*Goal of the exercise*.
An exact repetition of all the entries that follow is required.

*Input data*.
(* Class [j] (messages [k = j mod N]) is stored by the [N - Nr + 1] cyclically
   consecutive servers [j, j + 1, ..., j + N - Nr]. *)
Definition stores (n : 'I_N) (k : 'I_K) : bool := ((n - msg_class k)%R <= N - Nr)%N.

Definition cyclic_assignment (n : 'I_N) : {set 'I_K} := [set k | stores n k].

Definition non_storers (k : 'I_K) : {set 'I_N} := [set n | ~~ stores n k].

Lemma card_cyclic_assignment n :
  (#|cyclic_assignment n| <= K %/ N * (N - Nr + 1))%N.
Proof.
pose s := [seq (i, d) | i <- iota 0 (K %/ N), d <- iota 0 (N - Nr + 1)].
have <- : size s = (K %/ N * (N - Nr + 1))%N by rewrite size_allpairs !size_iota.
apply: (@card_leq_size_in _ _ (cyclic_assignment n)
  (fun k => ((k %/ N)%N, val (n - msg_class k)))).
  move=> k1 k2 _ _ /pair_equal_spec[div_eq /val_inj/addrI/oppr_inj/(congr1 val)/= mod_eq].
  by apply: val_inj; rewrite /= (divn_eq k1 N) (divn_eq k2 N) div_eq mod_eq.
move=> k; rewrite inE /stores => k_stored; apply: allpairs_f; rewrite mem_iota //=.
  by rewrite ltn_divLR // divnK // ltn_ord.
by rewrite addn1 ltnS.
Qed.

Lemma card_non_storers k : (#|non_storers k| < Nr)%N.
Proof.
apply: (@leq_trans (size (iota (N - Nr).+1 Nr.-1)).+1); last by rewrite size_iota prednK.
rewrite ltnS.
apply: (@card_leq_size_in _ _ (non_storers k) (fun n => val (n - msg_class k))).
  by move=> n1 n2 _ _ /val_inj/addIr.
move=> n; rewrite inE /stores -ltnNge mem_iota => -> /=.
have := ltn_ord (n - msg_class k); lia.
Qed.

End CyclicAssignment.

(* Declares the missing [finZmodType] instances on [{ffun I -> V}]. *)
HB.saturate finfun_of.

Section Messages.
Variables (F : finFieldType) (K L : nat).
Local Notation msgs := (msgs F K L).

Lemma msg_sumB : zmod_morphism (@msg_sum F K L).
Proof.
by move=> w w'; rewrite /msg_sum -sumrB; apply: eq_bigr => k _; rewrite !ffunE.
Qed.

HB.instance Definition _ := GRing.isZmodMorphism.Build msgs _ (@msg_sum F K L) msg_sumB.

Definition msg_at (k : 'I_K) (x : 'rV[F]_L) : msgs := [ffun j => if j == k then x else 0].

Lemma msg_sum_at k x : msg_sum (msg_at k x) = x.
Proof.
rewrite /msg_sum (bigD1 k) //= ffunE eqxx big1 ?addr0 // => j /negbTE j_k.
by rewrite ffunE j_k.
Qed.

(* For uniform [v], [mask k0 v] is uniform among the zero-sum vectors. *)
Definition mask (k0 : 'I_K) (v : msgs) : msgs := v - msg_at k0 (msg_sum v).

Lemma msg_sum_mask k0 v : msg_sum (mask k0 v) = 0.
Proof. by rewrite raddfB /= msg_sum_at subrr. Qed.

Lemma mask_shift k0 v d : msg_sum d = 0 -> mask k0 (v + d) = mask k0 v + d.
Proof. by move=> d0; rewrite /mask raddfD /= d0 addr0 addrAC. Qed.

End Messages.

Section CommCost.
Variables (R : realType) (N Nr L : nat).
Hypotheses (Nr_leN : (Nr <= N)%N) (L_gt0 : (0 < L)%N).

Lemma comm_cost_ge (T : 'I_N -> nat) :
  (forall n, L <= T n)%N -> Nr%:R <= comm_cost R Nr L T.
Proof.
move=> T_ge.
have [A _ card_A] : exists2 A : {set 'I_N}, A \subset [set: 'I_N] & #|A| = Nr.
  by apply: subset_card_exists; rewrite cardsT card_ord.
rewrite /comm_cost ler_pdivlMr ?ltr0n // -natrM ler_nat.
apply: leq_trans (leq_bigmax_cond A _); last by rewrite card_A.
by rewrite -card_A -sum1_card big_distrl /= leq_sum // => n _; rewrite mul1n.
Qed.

*Task solution*.
(* Class [j] (messages [k = j mod N]) is stored by the [N - Nr + 1] cyclically
   consecutive servers [j, j + 1, ..., j + N - Nr]. *)
Definition stores (n : 'I_N) (k : 'I_K) : bool := ((n - msg_class k)%R <= N - Nr)%N.

Definition cyclic_assignment (n : 'I_N) : {set 'I_K} := [set k | stores n k].

Definition non_storers (k : 'I_K) : {set 'I_N} := [set n | ~~ stores n k].

Lemma card_cyclic_assignment n :
  (#|cyclic_assignment n| <= K %/ N * (N - Nr + 1))%N.
Proof.
pose s := [seq (i, d) | i <- iota 0 (K %/ N), d <- iota 0 (N - Nr + 1)].
have <- : size s = (K %/ N * (N - Nr + 1))%N by rewrite size_allpairs !size_iota.
apply: (@card_leq_size_in _ _ (cyclic_assignment n)
  (fun k => ((k %/ N)%N, val (n - msg_class k)))).
  move=> k1 k2 _ _ /pair_equal_spec[div_eq /val_inj/addrI/oppr_inj/(congr1 val)/= mod_eq].
  by apply: val_inj; rewrite /= (divn_eq k1 N) (divn_eq k2 N) div_eq mod_eq.
move=> k; rewrite inE /stores => k_stored; apply: allpairs_f; rewrite mem_iota //=.
  by rewrite ltn_divLR // divnK // ltn_ord.
by rewrite addn1 ltnS.
Qed.

Lemma card_non_storers k : (#|non_storers k| < Nr)%N.
Proof.
apply: (@leq_trans (size (iota (N - Nr).+1 Nr.-1)).+1); last by rewrite size_iota prednK.
rewrite ltnS.
apply: (@card_leq_size_in _ _ (non_storers k) (fun n => val (n - msg_class k))).
  by move=> n1 n2 _ _ /val_inj/addIr.
move=> n; rewrite inE /stores -ltnNge mem_iota => -> /=.
have := ltn_ord (n - msg_class k); lia.
Qed.

End CyclicAssignment.

(* Declares the missing [finZmodType] instances on [{ffun I -> V}]. *)
HB.saturate finfun_of.

Section Messages.
Variables (F : finFieldType) (K L : nat).
Local Notation msgs := (msgs F K L).

Lemma msg_sumB : zmod_morphism (@msg_sum F K L).
Proof.
by move=> w w'; rewrite /msg_sum -sumrB; apply: eq_bigr => k _; rewrite !ffunE.
Qed.

HB.instance Definition _ := GRing.isZmodMorphism.Build msgs _ (@msg_sum F K L) msg_sumB.

Definition msg_at (k : 'I_K) (x : 'rV[F]_L) : msgs := [ffun j => if j == k then x else 0].

Lemma msg_sum_at k x : msg_sum (msg_at k x) = x.
Proof.
rewrite /msg_sum (bigD1 k) //= ffunE eqxx big1 ?addr0 // => j /negbTE j_k.
by rewrite ffunE j_k.
Qed.

(* For uniform [v], [mask k0 v] is uniform among the zero-sum vectors. *)
Definition mask (k0 : 'I_K) (v : msgs) : msgs := v - msg_at k0 (msg_sum v).

Lemma msg_sum_mask k0 v : msg_sum (mask k0 v) = 0.
Proof. by rewrite raddfB /= msg_sum_at subrr. Qed.

Lemma mask_shift k0 v d : msg_sum d = 0 -> mask k0 (v + d) = mask k0 v + d.
Proof. by move=> d0; rewrite /mask raddfD /= d0 addr0 addrAC. Qed.

End Messages.

Section CommCost.
Variables (R : realType) (N Nr L : nat).
Hypotheses (Nr_leN : (Nr <= N)%N) (L_gt0 : (0 < L)%N).

Lemma comm_cost_ge (T : 'I_N -> nat) :
  (forall n, L <= T n)%N -> Nr%:R <= comm_cost R Nr L T.
Proof.
move=> T_ge.
have [A _ card_A] : exists2 A : {set 'I_N}, A \subset [set: 'I_N] & #|A| = Nr.
  by apply: subset_card_exists; rewrite cardsT card_ord.
rewrite /comm_cost ler_pdivlMr ?ltr0n // -natrM ler_nat.
apply: leq_trans (leq_bigmax_cond A _); last by rewrite card_A.
by rewrite -card_A -sum1_card big_distrl /= leq_sum // => n _; rewrite mul1n.
Qed.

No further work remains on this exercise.